The relatively small student body means that professors, staff and students alike become familiar faces. Be prepared to say “Hi!” to a couple of people every time you walk down a hallway. A small population gives the advantage of manageable class sizes, so you have the utmost attention of excellent instructors. Every one of my professors knows my name and is happy to chat, whether it’s about my grades or the fireworks on Canada Day.
SMU offers the feeling of community living in a global setting. An internationally respected business program, one of the Huffington Post’s “Coolest Classes” and one of Canada’s most diverse student populations call SMU their home. All it takes is a taste of what the Huskies have to offer. Once you’ve had it, there’s no going back.

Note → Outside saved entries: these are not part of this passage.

(* Let $(\mathbf{P}_t)_{t\ge0}$ be a continuous-time Markov process on a countable state space $\mathcal{S}$ with stable conservative $Q$-matrix $Q=(q_{ij})$ satisfying $\sup_{i\in\mathcal{S}}q_i<\infty$. Then for every $t\ge0$, $$\inf_{i\ne j}\|\mathbf{p}^i(t)-\mathbf{p}^j(t)\|_{\mathrm{TV}}\ge\exp(-t\|Q\|)>0,$$ where $\|Q\|=\sup_i\sum_j|q_{ij}|=\sup_i2q_i$. In particular the process is initial-state identifiable.
   Context: $\mathbf{P}_t=(p_{ij}(t))$ is the transition matrix, $\mathbf{p}^i(t)$ its $i$-th row, $q_{ij}=p'_{ij}(0)\ge0$ for $i\ne j$, $q_i=-q_{ii}=\sum_{j\ne i}q_{ij}$. $\|\mu_1-\mu_2\|_{\mathrm{TV}}=\frac12\sum_\sigma|\mu_1(\sigma)-\mu_2(\sigma)|$. Initial-state identifiability: for every $t\in[0,\infty)$ all rows of $\mathbf{P}_t$ are distinct. *)

From Stdlib Require Import Reals Lra.
Open Scope R_scope.

(* A countable state space is modelled as a decidable subset S of nat:
   the states are the n with S n = true. *)

Definition ssum (S : nat -> bool) (f : nat -> R) (l : R) : Prop :=
  infinite_sum (fun n => if S n then f n else 0) l.

Definition kron (i j : nat) : R := if Nat.eqb i j then 1 else 0.

Definition transition_function (S : nat -> bool) (P : R -> nat -> nat -> R) : Prop :=
  (forall t i j, 0 <= t -> S i = true -> S j = true -> 0 <= P t i j) /\
  (forall t i, 0 <= t -> S i = true -> ssum S (P t i) 1) /\
  (forall i j, S i = true -> S j = true -> P 0 i j = kron i j) /\
  (forall s t i j, 0 <= s -> 0 <= t -> S i = true -> S j = true ->
     ssum S (fun k => P s i k * P t k j) (P (s + t) i j)).

Definition has_Q_matrix (S : nat -> bool) (P : R -> nat -> nat -> R)
  (Q : nat -> nat -> R) : Prop :=
  forall i j, S i = true -> S j = true ->
    limit1_in (fun h => (P h i j - kron i j) / h) (fun h => 0 < h) (Q i j) 0.

Definition qdiag (Q : nat -> nat -> R) (i : nat) : R := - Q i i.

(* conservative: q_i = sum_{j <> i} q_ij (stability is automatic: q_i is real) *)
Definition conservative (S : nat -> bool) (Q : nat -> nat -> R) : Prop :=
  forall i, S i = true ->
    ssum S (fun j => if Nat.eqb j i then 0 else Q i j) (qdiag Q i).

(* ||mu1 - mu2||_TV = (1/2) sum |mu1 - mu2| ; rows i, j of P_t *)
Definition tv_rows (S : nat -> bool) (P : R -> nat -> nat -> R)
  (t : R) (i j : nat) (d : R) : Prop :=
  ssum S (fun k => Rabs (P t i k - P t j k)) (2 * d).

Definition is_normQ (S : nat -> bool) (Q : nat -> nat -> R) (N : R) : Prop :=
  is_lub (fun x => exists i, S i = true /\ ssum S (fun j => Rabs (Q i j)) x) N.

Definition initial_state_identifiable (S : nat -> bool) (P : R -> nat -> nat -> R) : Prop :=
  forall t i j, 0 <= t -> S i = true -> S j = true -> i <> j ->
    exists k, S k = true /\ P t i k <> P t j k.

From Stdlib Require Import Reals Lra Lia ClassicalEpsilon Classical.
Open Scope R_scope.

(* Let F(t) = sum_k |p_ik(t) - p_jk(t)|.  By Chapman-Kolmogorov the rows of P_(s+h) are the
   rows of P_s multiplied by P_h.  The diagonal of P_h satisfies p_kk(h) >= exp(-||Q|| h / 2),
   so at most ||Q|| h / 2 of the mass of each row leaves the diagonal, and multiplying a signed
   vector by P_h shrinks its l1 norm by a factor at worst 1 - ||Q|| h: F(s + h) >= (1 - ||Q|| h) F(s).
   Iterating over n steps of length t/n and letting n -> oo gives F(t) >= F(0) exp(-||Q|| t)
   = 2 exp(-||Q|| t).  The same iteration, applied to p_kk(s + h) >= p_kk(s) p_kk(h) together with
   p'_kk(0) = -q_k >= -||Q|| / 2, gives the diagonal bound. *)

Lemma pow_one_sub_ge x n : 0 <= x <= 1 -> 1 - INR n * x <= (1 - x) ^ n.
Proof.
  intros Hx; induction n as [|n IH]; simpl pow.
  - simpl; lra.
  - rewrite S_INR. pose proof (pos_INR n). pose proof (pow_le (1 - x) n ltac:(lra)). nra.
Qed.

Lemma exp_neg_le_1 x : 0 <= x -> exp (- x) <= 1.
Proof.
  rewrite <- exp_0. intros [Hx | <-].
  - left; apply exp_increasing; lra.
  - rewrite Ropp_0; lra.
Qed.

(* With [x = a/n]: [(1 - x) e^x >= 1 - x^2], and Bernoulli bounds [(1 - x^2)^n]. *)
Lemma exp_neg_sub_le_pow n a : 0 < INR n -> 0 <= a <= INR n ->
  exp (- a) - a ^ 2 / INR n <= (1 - a / INR n) ^ n.
Proof.
  intros Hn Ha. set (x := a / INR n).
  assert (Hx : 0 <= x <= 1).
  { unfold x, Rdiv; split; [apply Rmult_le_pos; [lra | left; apply Rinv_0_lt_compat; lra]|].
    apply (Rmult_le_reg_r (INR n)); [lra|]. rewrite Rmult_assoc, Rinv_l; lra. }
  assert (Hexp : exp a = exp x ^ n).
  { rewrite <- Rpower_pow by apply exp_pos. unfold Rpower. rewrite ln_exp.
    unfold x. f_equal. field. lra. }
  assert (Hsq : a ^ 2 / INR n = INR n * (x * x)) by (unfold x; field; lra).
  assert (Hbern : 1 - INR n * (x * x) <= (1 - x * x) ^ n) by (apply pow_one_sub_ge; nra).
  assert (Hpow : (1 - x * x) ^ n <= (1 - x) ^ n * exp a).
  { rewrite Hexp, <- Rpow_mult_distr. apply pow_incr. split; [nra|].
    pose proof (exp_ineq1_le x). nra. }
  assert (Hinv : exp (- a) * exp a = 1) by (rewrite <- exp_plus, Rplus_opp_l; apply exp_0).
  pose proof (exp_neg_le_1 a (proj1 Ha)).
  rewrite Hsq. fold x.
  assert (Hmul : exp (- a) * (1 - INR n * (x * x)) <= (1 - x) ^ n).
  { replace ((1 - x) ^ n) with (exp (- a) * ((1 - x) ^ n * exp a))
      by (rewrite <- Rmult_assoc, (Rmult_comm (exp (- a))), Rmult_assoc, Hinv; ring).
    apply Rmult_le_compat_l; [left; apply exp_pos | lra]. }
  assert (0 <= INR n * (x * x)) by (apply Rmult_le_pos; nra).
  pose proof (exp_pos (- a)). nra.
Qed.

Section SupermultiplicativeBound.
Variables (F G : R -> R) (F0 c : R).
Hypothesis c_nonneg : 0 <= c.
Hypothesis F0_nonneg : 0 <= F0.
Hypothesis F0_le : F0 <= F 0.
Hypothesis F_supermult : forall s h, 0 <= s -> 0 < h -> F s * G h <= F (s + h).
Hypothesis G_near_0 : forall eps, 0 < eps -> exists delta, 0 < delta /\
  forall h, 0 < h < delta -> 1 - (c + eps) * h <= G h.

Lemma supermult_iter h g m : 0 < h -> 0 <= g <= G h -> F0 * g ^ m <= F (INR m * h).
Proof.
  intros Hh Hg; induction m as [|m IH].
  - simpl; rewrite Rmult_0_l; lra.
  - rewrite S_INR, Rmult_plus_distr_r, Rmult_1_l; simpl pow.
    assert (Hmh : 0 <= INR m * h) by (apply Rmult_le_pos; [apply pos_INR | lra]).
    pose proof (F_supermult _ _ Hmh Hh).
    assert (0 <= F0 * g ^ m) by (apply Rmult_le_pos; [| apply pow_le]; lra).
    nra.
Qed.

(* Iterate over [n] steps of length [t/n] and compare [(1 - a/n)^n] with [exp (-a)]. *)
Lemma supermult_ge_exp_eps t eps : 0 < t -> 0 < eps ->
  F0 * exp (- ((c + eps) * t)) <= F t.
Proof.
  intros Ht Heps. destruct (G_near_0 eps Heps) as [delta [Hdelta HG]].
  set (a := (c + eps) * t).
  assert (Ha : 0 < a) by (unfold a; nra).
  apply Rle_plus_epsilon; intros eta Heta.
  assert (Hbounds : 0 <= t / delta /\ 0 <= F0 * a ^ 2 / eta).
  { unfold Rdiv; split; repeat apply Rmult_le_pos; try apply pow_le;
      try (left; apply Rinv_0_lt_compat); lra. }
  destruct (INR_archimed 1 (1 + a + t / delta + F0 * a ^ 2 / eta) Rlt_0_1) as [n Hn].
  rewrite Rmult_1_r in Hn.
  set (h := t / INR n).
  assert (Hh : 0 < h < delta).
  { unfold h; split; [apply Rdiv_lt_0_compat; lra|].
    apply (Rmult_lt_reg_r (INR n)); [lra|].
    replace (t / INR n * INR n) with t by (field; lra).
    apply (Rmult_lt_reg_r (/ delta)); [apply Rinv_0_lt_compat; lra|].
    replace (delta * INR n * / delta) with (INR n) by (field; lra).
    lra. }
  assert (Hg : 1 - (c + eps) * h = 1 - a / INR n) by (unfold h, a; field; lra).
  assert (Hg0 : 0 <= 1 - a / INR n).
  { cut (a / INR n <= 1); [lra|].
    apply (Rmult_le_reg_r (INR n)); [lra|].
    replace (a / INR n * INR n) with a by (field; lra). lra. }
  pose proof (HG h Hh) as HGh. rewrite Hg in HGh.
  pose proof (supermult_iter h _ n (proj1 Hh) (conj Hg0 HGh)) as Hiter.
  replace (INR n * h) with t in Hiter by (unfold h; field; lra).
  pose proof (exp_neg_sub_le_pow n a ltac:(lra) ltac:(lra)) as Hpow.
  assert (Herr : F0 * (a ^ 2 / INR n) <= eta).
  { apply (Rmult_le_reg_r (INR n)); [lra|].
    replace (F0 * (a ^ 2 / INR n) * INR n) with (F0 * a ^ 2) by (field; lra).
    apply (Rmult_le_reg_r (/ eta)); [apply Rinv_0_lt_compat; lra|].
    replace (eta * INR n * / eta) with (INR n) by (field; lra).
    unfold Rdiv in Hn. lra. }
  assert (F0 * (exp (- a) - a ^ 2 / INR n) <= F0 * (1 - a / INR n) ^ n)
    by (apply Rmult_le_compat_l; lra).
  unfold a in *. lra.
Qed.

Lemma supermult_ge_exp t : 0 <= t -> F0 * exp (- c * t) <= F t.
Proof.
  intros [Ht | <-].
  2: { rewrite Rmult_0_r, exp_0; lra. }
  assert (Hdecay : exp (- c * t) <= 1)
    by (rewrite Ropp_mult_distr_l_reverse; apply exp_neg_le_1; nra).
  apply Rle_plus_epsilon; intros eta Heta.
  set (eps := eta / (F0 * t + 1)).
  assert (Heps : 0 < eps) by (unfold eps; apply Rdiv_lt_0_compat; nra).
  pose proof (supermult_ge_exp_eps t eps Ht Heps) as Hlow.
  replace (- ((c + eps) * t)) with (- c * t + - (eps * t)) in Hlow by ring.
  rewrite exp_plus in Hlow.
  pose proof (exp_ineq1_le (- (eps * t))).
  pose proof (exp_pos (- c * t)).
  assert (Hcost : F0 * t * eps <= eta).
  { unfold eps. apply (Rmult_le_reg_r (F0 * t + 1)); [nra|].
    replace (F0 * t * (eta / (F0 * t + 1)) * (F0 * t + 1)) with (F0 * t * eta) by (field; nra).
    nra. }
  assert (F0 * exp (- c * t) * (1 - eps * t) <= F0 * exp (- c * t) * exp (- (eps * t)))
    by (apply Rmult_le_compat_l; nra).
  nra.
Qed.

End SupermultiplicativeBound.

Definition series_value (u : nat -> R) : R :=
  epsilon (inhabits 0) (fun l => infinite_sum u l).

Lemma series_value_spec u : (exists l, infinite_sum u l) -> infinite_sum u (series_value u).
Proof. apply epsilon_spec. Qed.

Lemma Un_cv_const c : Un_cv (fun _ => c) c.
Proof.
  intros eps Heps. exists 0%nat. intros n _.
  unfold Rdist. rewrite Rminus_diag, Rabs_R0. exact Heps.
Qed.

Section StateSums.
Variable S : nat -> bool.

Definition ssum_partial (f : nat -> R) (n : nat) : R :=
  sum_f_R0 (fun k => if S k then f k else 0) n.

Lemma ssum_ext f g l : (forall n, S n = true -> f n = g n) -> ssum S f l -> ssum S g l.
Proof.
  intros Hfg. apply Un_cv_ext. intros n. apply sum_eq. intros k _.
  destruct (S k) eqn:Sk; auto.
Qed.

Lemma ssum_plus f g a b : ssum S f a -> ssum S g b -> ssum S (fun n => f n + g n) (a + b).
Proof.
  intros Hf Hg. apply (Un_cv_ext (fun n => ssum_partial f n + ssum_partial g n)).
  - intros n. unfold ssum_partial. rewrite <- plus_sum. apply sum_eq. intros k _.
    destruct (S k); ring.
  - now apply CV_plus.
Qed.

Lemma ssum_minus f g a b : ssum S f a -> ssum S g b -> ssum S (fun n => f n - g n) (a - b).
Proof.
  intros Hf Hg. apply (Un_cv_ext (fun n => ssum_partial f n - ssum_partial g n)).
  - intros n. unfold ssum_partial. rewrite <- minus_sum. apply sum_eq. intros k _.
    destruct (S k); ring.
  - now apply CV_minus.
Qed.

SMU may be one of the oldest universities in Canada, but it has some amazing new things on the go—like having the world’s first Twitter-controlled observatory. Getting involved in any of the 100 societies is a fun way to get to know SMU. Residence Life organizes dozens of events annually to help students build a community in their new home. Those passionate about new cultures and languages can do a semester abroad through the International Activities Office, a French immersion program in Quebec or an archaeological dig in Italy. Whatever your interests, SMU’s got something for you to dip your toes into.

Local Vibe
Halifax, with its vibrant history and diverse culture, lies in the lap of nature. SMU is in the heart of the city, a 15-minute walk from the waves on the Halifax Boardwalk and a 10-minute jaunt from the woods of Point Pleasant Park. Haligonians feel deep pride in their food industry, so being a short bus ride from the restaurants and bars of downtown Halifax makes it easy to grab a delicious bite with your friends on the weekend. From Citadel Hill to the haunted church on Argyle Street, Halifax has interesting stories to tell.